▶ _WORK INSTRUCTIONS_
Could you repeat, word for word, only the lines from the one containing "(* Let D = v0" through the final line of the records below?

▶ _Saved data entries_
(* Let $T$ be a tree with diametral path $D = v_0 v_1\cdots v_d$. If for some $i$ there is a vertex $u \notin D$ protruding from $v_i$ with $d(u,v_i) = \ell > 2$ (i.e. a limb of length $\ell>2$ protrudes from $v_i$), then $T$ is not diametrical.
   Context: Let $G=(V,E)$ be a finite connected graph with distance $d(u,v)$, eccentricity $e(v)=\max_w d(v,w)$ and diameter $\mathrm{diam}(G)=\max_v e(v)$. A broadcast is a function $f: V\to\{0,\dots,\mathrm{diam}(G)\}$ with $f(v)\le e(v)$; its cost is $\sum_v f(v)$; it is dominating if every $u$ has some $v$ with $f(v)\ge 1$ and $d(u,v)\le f(v)$; a dominating broadcast is minimal if decreasing $f(v)$ for any $v$ with $f(v)>0$ destroys domination. $\Gamma_b(G)$ is the maximum cost of a minimal dominating broadcast, and $G$ is called diametrical if $\Gamma_b(G)=\mathrm{diam}(G)$. For a tree with fixed diametral path $D$, a vertex $u\notin D$ protrudes from $v_i\in D$ if $v_i$ is the vertex of $D$ closest to $u$. *)

From mathcomp Require Import all_boot.
Set Implicit Arguments. Unset Strict Implicit. Unset Printing Implicit Defensive.

Section Graphs.
Variables (T : finType) (e : rel T).

Definition simple_graph : Prop := symmetric e /\ irreflexive e.

Definition walkb (n : nat) (u v : T) : bool :=
  [exists p : n.-tuple T, path e u p && (last u p == v)].

Definition connected_graph : Prop := forall u v : T, connect e u v.

Definition acyclic : Prop :=
  ~ exists c : seq T, [/\ uniq c, 2 < size c & cycle e c].

Definition tree : Prop := [/\ simple_graph, connected_graph & acyclic].

(* distance: least length of a walk (walks shorter than #|T| suffice in a
   connected graph) *)
Definition dist (u v : T) : nat := find (fun n => walkb n u v) (iota 0 #|T|).

Definition ecc (v : T) : nat := \max_(w : T) dist v w.
Definition diam : nat := \max_(v : T) ecc v.

Definition broadcastb (f : T -> nat) : bool := [forall v, f v <= ecc v].
Definition cost (f : T -> nat) : nat := \sum_(v : T) f v.

Definition dominatingb (f : T -> nat) : bool :=
  [forall u, [exists v, (1 <= f v) && (dist u v <= f v)]].

Definition minimal_dominating_broadcastb (f : T -> nat) : bool :=
  [&& broadcastb f, dominatingb f &
      [forall v, [forall k : 'I_(f v),
         ~~ dominatingb (fun w => if w == v then val k else f w)]]].

(* Every broadcast takes values <= ecc <= #|T|, so all broadcasts are
   represented by {ffun T -> 'I_#|T|.+1}. *)
Definition Gamma_b : nat :=
  \max_(f : {ffun T -> 'I_#|T|.+1}
          | minimal_dominating_broadcastb (fun v => val (f v)))
     cost (fun v => val (f v)).

Definition diametrical : Prop := Gamma_b = diam.

Definition diametral_path (v0 : T) (rest : seq T) : Prop :=
  [/\ path e v0 rest, uniq (v0 :: rest), size rest = diam
    & dist v0 (last v0 rest) = diam].

Definition protrudes_from (D : seq T) (u vi : T) : Prop :=
  [/\ u \notin D, vi \in D & forall x, x \in D -> x != vi -> dist u vi < dist u x].

End Graphs.

From mathcomp Require Import all_boot zify.
Set Implicit Arguments. Unset Strict Implicit. Unset Printing Implicit Defensive.

(* Let D = v0 ... vd be the diametral path (d = diam) and P = vi ... u the limb, of length
   l > 2.  As D is diametral, vi lies at distance at least l from both v0 and vd.  Give v0
   strength d(v0,vi) - 1, vd strength d(vd,vi) - 1, u strength l, and strength 1 to every
   vertex off D u P: this broadcast dominates, and below it lies a minimal dominating
   broadcast g.  The d + l + 1 vertices of D u P must all hear g.  In a tree, v0, vd and u
   each reach at most g + 1 of them (those on the unique path leaving them within range),
   and any other broadcaster lies off D u P with strength 1, so it is adjacent to at most
   one of them since D u P is connected and the tree has no cycle.  Hence
   Gamma_b >= cost g >= d + l - 2 > d. *)

Lemma rev_belast_cons (T : Type) (x : T) p : last x p :: rev (belast x p) = rev (x :: p).
Proof. by rewrite [in RHS]lastI rev_rcons. Qed.

Lemma last_rev_belast (T : Type) (x : T) p : last (last x p) (rev (belast x p)) = x.
Proof. by elim: p x => //= a p IH x; rewrite rev_cons last_rcons. Qed.

Section Distance.
Variables (T : finType) (e : rel T).
Local Notation dist := (dist e).

Lemma walkP n u v :
  reflect (exists p, [/\ size p = n, path e u p & last u p = v]) (walkb e n u v).
Proof.
apply: (iffP existsP) => [[t /andP[pt /eqP <-]]|[p [sp pp <-]]].
  by exists (tval t); rewrite size_tuple.
have sz : size p == n by rewrite sp.
by exists (Tuple sz); rewrite /= pp eqxx.
Qed.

▶ _ANSWER SPACE_
(* Let D = v0 ... vd be the diametral path (d = diam) and P = vi ... u the limb, of length
   l > 2.  As D is diametral, vi lies at distance at least l from both v0 and vd.  Give v0
   strength d(v0,vi) - 1, vd strength d(vd,vi) - 1, u strength l, and strength 1 to every
   vertex off D u P: this broadcast dominates, and below it lies a minimal dominating
   broadcast g.  The d + l + 1 vertices of D u P must all hear g.  In a tree, v0, vd and u
   each reach at most g + 1 of them (those on the unique path leaving them within range),
   and any other broadcaster lies off D u P with strength 1, so it is adjacent to at most
   one of them since D u P is connected and the tree has no cycle.  Hence
   Gamma_b >= cost g >= d + l - 2 > d. *)

Lemma rev_belast_cons (T : Type) (x : T) p : last x p :: rev (belast x p) = rev (x :: p).
Proof. by rewrite [in RHS]lastI rev_rcons. Qed.

Lemma last_rev_belast (T : Type) (x : T) p : last (last x p) (rev (belast x p)) = x.
Proof. by elim: p x => //= a p IH x; rewrite rev_cons last_rcons. Qed.

Section Distance.
Variables (T : finType) (e : rel T).
Local Notation dist := (dist e).

Lemma walkP n u v :
  reflect (exists p, [/\ size p = n, path e u p & last u p = v]) (walkb e n u v).
Proof.
apply: (iffP existsP) => [[t /andP[pt /eqP <-]]|[p [sp pp <-]]].
  by exists (tval t); rewrite size_tuple.
have sz : size p == n by rewrite sp.
by exists (Tuple sz); rewrite /= pp eqxx.
Qed.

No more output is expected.